House Speaker Nancy Pelosi held talks with Syria’s leader Wednesday despite White House objections. She said she pressed President Bashar Assad over his country’s support for militant groups and passed him a peace message from Israel. The meeting was an attempt to push the Bush administration to open a direct dialogue with Syria, a step that the White House has rejected. Congressional Democrats insist the U.S. attempts to isolate Syria have failed to force the Assad government to change its policies.
Violent thunderstorms battered a three-state region with hail as big as softballs and wind that damaged several homes and caused power outages. The storms that hit Arkansas, Kentucky and Tennessee marked the leading edge of a mass of cold air that dropped temperatures Wednesday morning into the 20s in the central Plains and upper Midwest.
Gunmen opened fire on a minibus carrying power plant workers Wednesday in a predominantly Sunni area west of Kirkuk, killing six men, officials said. West of Baghdad, 22 shepherds were abducted. A suicide car bomber and a mortar attack also hit a police station being manned by U.S. and Iraqi forces in the Shiite Sadr City enclave in Baghdad, wounding two policemen and two civilians, police said.

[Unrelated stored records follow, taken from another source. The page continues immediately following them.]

Lemma fw_prefix {n} m : 0 < n -> exists r, fw (n + m) = fw n ++ r.
Proof.
move=> n_gt0; elim: m => [|m [r fw_r]]; first by exists [::]; rewrite addn0 cats0.
by case: n n_gt0 fw_r => // n _ fw_r; exists (r ++ fw (n + m)); rewrite addnS fwSS fw_r catA.
Qed.

Lemma fibSS n : fib n.+2 = fib n.+1 + fib n. Proof. by []. Qed.

Lemma fib_gt0 n : 0 < fib n.+1.
Proof. by elim: n => // n IHn; rewrite fibSS addn_gt0 IHn. Qed.

Lemma leq_fib n : n <= fib n.+1.
Proof.
elim: n => // -[|n] IHn //; rewrite fibSS.
by have := fib_gt0 n; lia.
Qed.

Lemma fprefix_fib n : 0 < n -> fprefix (fib n.+1) = fw n.
Proof.
move=> n_gt0; have [r fw_r] := fw_prefix ((fib n.+1).+1 - n) n_gt0.
rewrite /fprefix /fword -(subnKC (leqW (leq_fib n))) fw_r.
by rewrite take_size_cat ?size_fw.
Qed.

Lemma nseqS_rcons (U : Type) k (x : U) : nseq k.+1 x = rcons (nseq k x) x.
Proof. by rewrite -addn1 nseqD cats1. Qed.

Lemma map_zip_iotaS (U : Type) (f : nat * nat -> U) i ks :
  [seq f ik | ik <- zip (iota i.+1 (size ks)) ks] =
  [seq f (ik.1.+1, ik.2) | ik <- zip (iota i (size ks)) ks].
Proof. by elim: ks i => //= k ks IH i; rewrite IH. Qed.

Lemma fact_word_cons k ks : fact_word (k :: ks) = phi (fact_word ks) ++ nseq k La.
Proof.
rewrite /fact_word /= rev_cons flatten_rcons -(map_nseq _ (fun x => [:: x])).
rewrite flatten_seq1 map_zip_iotaS phi_flatten map_rev -map_comp; congr (flatten (rev _) ++ _).
by apply: eq_map => -[i m]; rewrite /= phi_flatten map_nseq /fword phi_fw.
Qed.

(* [V_is N c] unfolds to [card_is (factorization (fprefix N)) c]. *)
Definition factorization (w : seq letter) (ks : seq nat) : Prop :=
  last 1 ks <> 0 /\ fact_word ks = w.

Definition incr_head (ks : seq nat) : seq nat :=
  if ks is k :: ks' then k.+1 :: ks' else [:: 1].

Lemma fact_word_incr_head ks : fact_word (incr_head ks) = rcons (fact_word ks) La.
Proof. by case: ks => [|k ks]; rewrite !fact_word_cons ?nseqS_rcons ?rcons_cat. Qed.

Lemma incr_head_inj ks ks' : last 1 ks <> 0 -> last 1 ks' <> 0 ->
  incr_head ks = incr_head ks' -> ks = ks'.
Proof.
case: ks ks' => [|k ks] [|k' ks'] //= last_ks last_ks' [] => [k'0 ks'0 | k0 ks0 | -> ->] //.
all: by subst; exfalso; first [apply: last_ks' | apply: last_ks].
Qed.

Lemma factorization_incr_head w ks :
  factorization w ks -> factorization (rcons w La) (incr_head ks).
Proof.
case=> last_ks <-; split; last exact: fact_word_incr_head.
by case: ks last_ks => [|k [|k' ks]].
Qed.

Lemma factorization_rcons_a w k ks : factorization (rcons w La) (k.+1 :: ks) ->
  exists2 ks', factorization w ks' & k.+1 :: ks = incr_head ks'.
Proof.
case=> last_ks; rewrite fact_word_cons nseqS_rcons -rcons_cat => /rcons_inj [fw_k].
move: fw_k; rewrite -fact_word_cons; case: k ks last_ks => [|k] [|k' ks] last_ks <-.
- by exists [::].
- by exists [:: 0, k' & ks].
- by exists [:: k.+1].
- by exists [:: k.+1, k' & ks].
Qed.

Lemma factorization_rcons_b {x k ks} : factorization (rcons x Lb) (k :: ks) -> k = 0.
Proof.
case: k => // k [_]; rewrite fact_word_cons nseqS_rcons -rcons_cat.
by move/(congr1 (last La)); rewrite !last_rcons.
Qed.

Lemma factorization_cons0 w ks : w <> [::] ->
  factorization (phi w) (0 :: ks) <-> factorization w ks.
Proof.
move=> w_ne0; rewrite /factorization fact_word_cons cats0.
split=> [[last_ks /phi_inj fw_ks] | [last_ks fw_ks]]; last first.
  by split; [case: ks fw_ks last_ks => // /esym | rewrite fw_ks].
by split=> //; case: ks last_ks fw_ks.
Qed.

Lemma factorization_nil ks : factorization [::] ks <-> ks = [::].
Proof.
split=> [[last_ks fw_ks] | -> //]; suff: all (pred1 0) ks.
  by case: ks last_ks {fw_ks} => // k ks last_ks /allP/(_ _ (mem_last k ks))/eqP.
elim: ks {last_ks} fw_ks => //= k ks IH; rewrite fact_word_cons.
by case: k => [|k] /=; [rewrite cats0 => /phi_eq_nil/IH | case: (phi _)].
Qed.

Lemma card_fact_nil : card_is (factorization [::]) 1.
Proof.
exists [:: [::]]; split=> // ks; rewrite inE factorization_nil.
by split=> [/eqP | ->].
Qed.

(* Here and in [card_fact_phi_b] and [card_fact_bb] the prefix is split as [u ++ s], so
   that for a concrete [s] the lemmas apply by conversion to words of the shapes
   [u ++ letters] and [phi u ++ letters]. *)
Lemma card_fact_phi_a u s {n} :
  card_is (factorization (u ++ s ++ [:: La])) n ->
  card_is (factorization (phi u ++ phi (s ++ [:: La]))) n.
Proof.
rewrite -phi_cat; set w := u ++ _.
have w_ne0 : w <> [::] by rewrite /w catA; case: (u ++ s).
have phi_w : phi w = rcons (phi (u ++ s) ++ [:: La]) Lb.
  by rewrite /w catA phi_cat -cats1 -catA.
move=> card_w; apply: card_is_ext (card_is_image (cons 0) _ card_w); last by move=> ? ? _ _ [].
move=> ks; split=> [[ks' fact_ks' ->] | fact_ks]; first exact/factorization_cons0.
case: ks fact_ks => [[_ /esym/phi_eq_nil] // | k ks fact_ks].
have k0 : k = 0 by move: fact_ks; rewrite phi_w => /factorization_rcons_b.
by rewrite k0 in fact_ks *; exists ks => //; apply/factorization_cons0.
Qed.

Lemma card_fact_phi_b u s {m n} :
  card_is (factorization (u ++ s ++ [:: Lb])) n ->
  card_is (factorization (phi u ++ phi s)) m ->
  card_is (factorization (phi u ++ phi (s ++ [:: Lb]))) (n + m).
Proof.
rewrite -!phi_cat catA; set w := u ++ s; have wb_ne0 : w ++ [:: Lb] <> [::] by case: w.
have phi_wb : phi (w ++ [:: Lb]) = rcons (phi w) La by rewrite phi_cat cats1.
move=> card_wb card_w.
apply: card_is_ext (card_is_union _ (card_is_image (cons 0) _ card_wb)
                                   (card_is_image incr_head _ card_w)).
- move=> ks; rewrite phi_wb; split=> [[[ks' fact_ks' ->] | [ks' fact_ks' ->]] | fact_ks].
  + by rewrite -phi_wb; apply/factorization_cons0.
  + exact: factorization_incr_head.
  + case: ks fact_ks => [[_ /(congr1 size)] | [|k] ks fact_ks]; first by rewrite size_rcons.
      by left; exists ks => //; apply/factorization_cons0 => //; rewrite phi_wb.
    by right; apply: factorization_rcons_a.
- by move=> _ [ks _ ->] [[|k ks'] _].
- by move=> ? ? _ _ [].
- move=> ks ks' [last_ks _] [last_ks' _]; exact: incr_head_inj.
Qed.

The strains of fighting in Iraq have forced the Marine Corps to forego training in jungle warfare and other skills that are the traditional backbone of the Corps, the Marines’ top general said Wednesday. “We’re not training for the other kinds” of combat that could arise at short notice, Gen. James T. Conway, commandant of the Marine Corps, told a group of Marines at the U.S. naval headquarters for the Persian Gulf. “We are the nation’s shock troops,” he said, stressing that Marines have to be prepared to make amphibious landings and conduct operations that require training they are not getting now because Marine infantry and air units returning from Iraq have time only to get ready for their next tour of duty there.